Dykes was born in Washington, D.C., on August 13, 1893, the daughter of Martha Ann (née Howard) and James Stanley Dykes. She attended M Street High School (later renamed Dunbar High School). She graduated summa cum laude from Howard University with a B.A. in 1914. While attending Howard University, where several family members had studied, Eva was initiated into the Alpha chapter of Delta Sigma Theta. At the end of her last semester she was awarded Alpha Kappa Alpha sorority's first official scholarship. After a short stint of teaching at Walden University in Nashville, Tennessee, Dykes attended Radcliffe College graduating magna cum laude with a second B.A. in 1917 and a M.A in 1918. While at Radcliffe she was elected to Phi Beta Kappa. In 1920 Dykes began teaching at Dunbar High School, and in 1921 she received a PhD from Radcliffe (now a part of Harvard University). Her dissertation was titled “Pope and His influence in America from 1715 to 1815”, and explored the attitudes of Alexander Pope towards slavery and his influence on American writers.
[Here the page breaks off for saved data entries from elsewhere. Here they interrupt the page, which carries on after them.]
(* Let $t>0$ be such that $I(t)$ has nonempty interior, $I(t)=[l(t),r(t)]$ with $l(t)<r(t)$. Then: (1) $F(x,t)=G(x,t)=0$ for all $x\in I(t)$; (2) $\tau_*(x,t)=\tau^*(x,t)=0$ for $x\in(l(t),r(t)]$, and $\tau_*(l(t),t)=0$; (3) $y_*(x,t)=y^*(x,t)=0$ for $x\in[l(t),r(t))$, and $y_*(r(t),t)=0$; (4) for all $0<t'<t$, $I(t')$ has nonempty interior; (5) the set $\{(x,t'):0\le t'\le t,\ x\in I(t')\}$ is star-shaped with respect to $(0,0)$.
   Context: Standing assumptions: $u_0,u_b:[0,\infty)\to\mathbb{R}$ bounded measurable with $u_b>0$; $\rho_0,\rho_b:[0,\infty)\to(0,\infty)$ positive locally bounded measurable. For $x,t,y,\tau\ge0$: $F(y,x,t)=\int_0^y[tu_0(\eta)+\eta-x]\rho_0(\eta)\,d\eta$, $G(\tau,x,t)=\int_0^\tau[x-u_b(\eta)(t-\eta)]\rho_b(\eta)u_b(\eta)\,d\eta$, $F(x,t)=\min_{y\ge0}F(y,x,t)$, $G(x,t)=\min_{\tau\ge0}G(\tau,x,t)$ (minima attained); $y_*\le y^*$ smallest/largest minimizers of $F(\cdot,x,t)$, $\tau_*\le\tau^*$ those of $G(\cdot,x,t)$. For fixed $t$, $F(\cdot,t)$ is decreasing and $G(\cdot,t)$ increasing in $x$, so $I(t)=\{x\ge0:F(x,t)=G(x,t)\}$ is a closed (possibly empty or one-point) interval, written $[l(t),r(t)]$ when nonempty. *)

From HB Require Import structures.
From mathcomp Require Import all_boot all_order all_algebra.
From mathcomp Require Import all_classical all_reals all_analysis.
Set Implicit Arguments. Unset Strict Implicit. Unset Printing Implicit Defensive.
Import Order.TTheory GRing.Theory Num.Theory.
Import numFieldNormedType.Exports.
Local Open Scope classical_set_scope.
Local Open Scope ring_scope.

Section Defs.
Variable R : realType.
Let mu := (@lebesgue_measure R).

Definition halfline : set R := [set z | 0 <= z].

Definition Fyxt (u0 rho0 : R -> R) (y x t : R) : R :=
  Rintegral mu `[0, y] (fun eta => (t * u0 eta + eta - x) * rho0 eta).

Definition Gtxt (ub rhob : R -> R) (tau x t : R) : R :=
  Rintegral mu `[0, tau] (fun eta => (x - ub eta * (t - eta)) * rhob eta * ub eta).

(* F(x,t) = min_{y >= 0} F(y,x,t), G(x,t) = min_{tau >= 0} G(tau,x,t)
   (the minima are attained, so the infimum is the minimum) *)
Definition Fxt u0 rho0 (x t : R) : R := inf [set Fyxt u0 rho0 y x t | y in halfline].
Definition Gxt ub rhob (x t : R) : R := inf [set Gtxt ub rhob tau x t | tau in halfline].

Definition Fargmin u0 rho0 (x t : R) : set R :=
  [set y | 0 <= y /\ Fyxt u0 rho0 y x t = Fxt u0 rho0 x t].
Definition Gargmin ub rhob (x t : R) : set R :=
  [set tau | 0 <= tau /\ Gtxt ub rhob tau x t = Gxt ub rhob x t].

Definition y_low u0 rho0 x t : R := inf (Fargmin u0 rho0 x t).
Definition y_up u0 rho0 x t : R := sup (Fargmin u0 rho0 x t).
Definition tau_low ub rhob x t : R := inf (Gargmin ub rhob x t).
Definition tau_up ub rhob x t : R := sup (Gargmin ub rhob x t).

Definition Iset u0 rho0 ub rhob (t : R) : set R :=
  [set x | 0 <= x /\ Fxt u0 rho0 x t = Gxt ub rhob x t].

End Defs.

From HB Require Import structures.
From mathcomp Require Import all_boot all_order all_algebra.
From mathcomp Require Import all_classical all_reals all_analysis.
From mathcomp Require Import ring lra.
Import Order.TTheory GRing.Theory Num.Theory.
Import numFieldNormedType.Exports.
Local Open Scope classical_set_scope.
Local Open Scope ring_scope.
Dykes was the first black American woman to complete the requirements for a doctoral degree; however, because Radcliffe College held its graduation ceremonies later in the spring, she was the third to graduate, behind Sadie Tanner Mossell Alexander (1921, University of Pennsylvania) and Georgiana R. Simpson (1921, University of Chicago).

==Career==

After her graduation from Radcliffe in 1921, Dykes continued to teach at Dunbar High School until 1929 when she returned to Howard University as a member of the English Faculty. An excellent teacher, Dykes won a number of teaching awards during her 15 years of service at Howard University. Her publications include Readings from Negro Authors for Schools and Colleges co-authored with Lorenzo Dow Turner and Otelia Cromwell (1931) and The Negro in English Romantic Thought: Or a Study in Sympathy for the Oppressed (1942). In 1934 Dykes began writing a column in the Seventh-day Adventist periodical Message Magazine, this continued until 1984.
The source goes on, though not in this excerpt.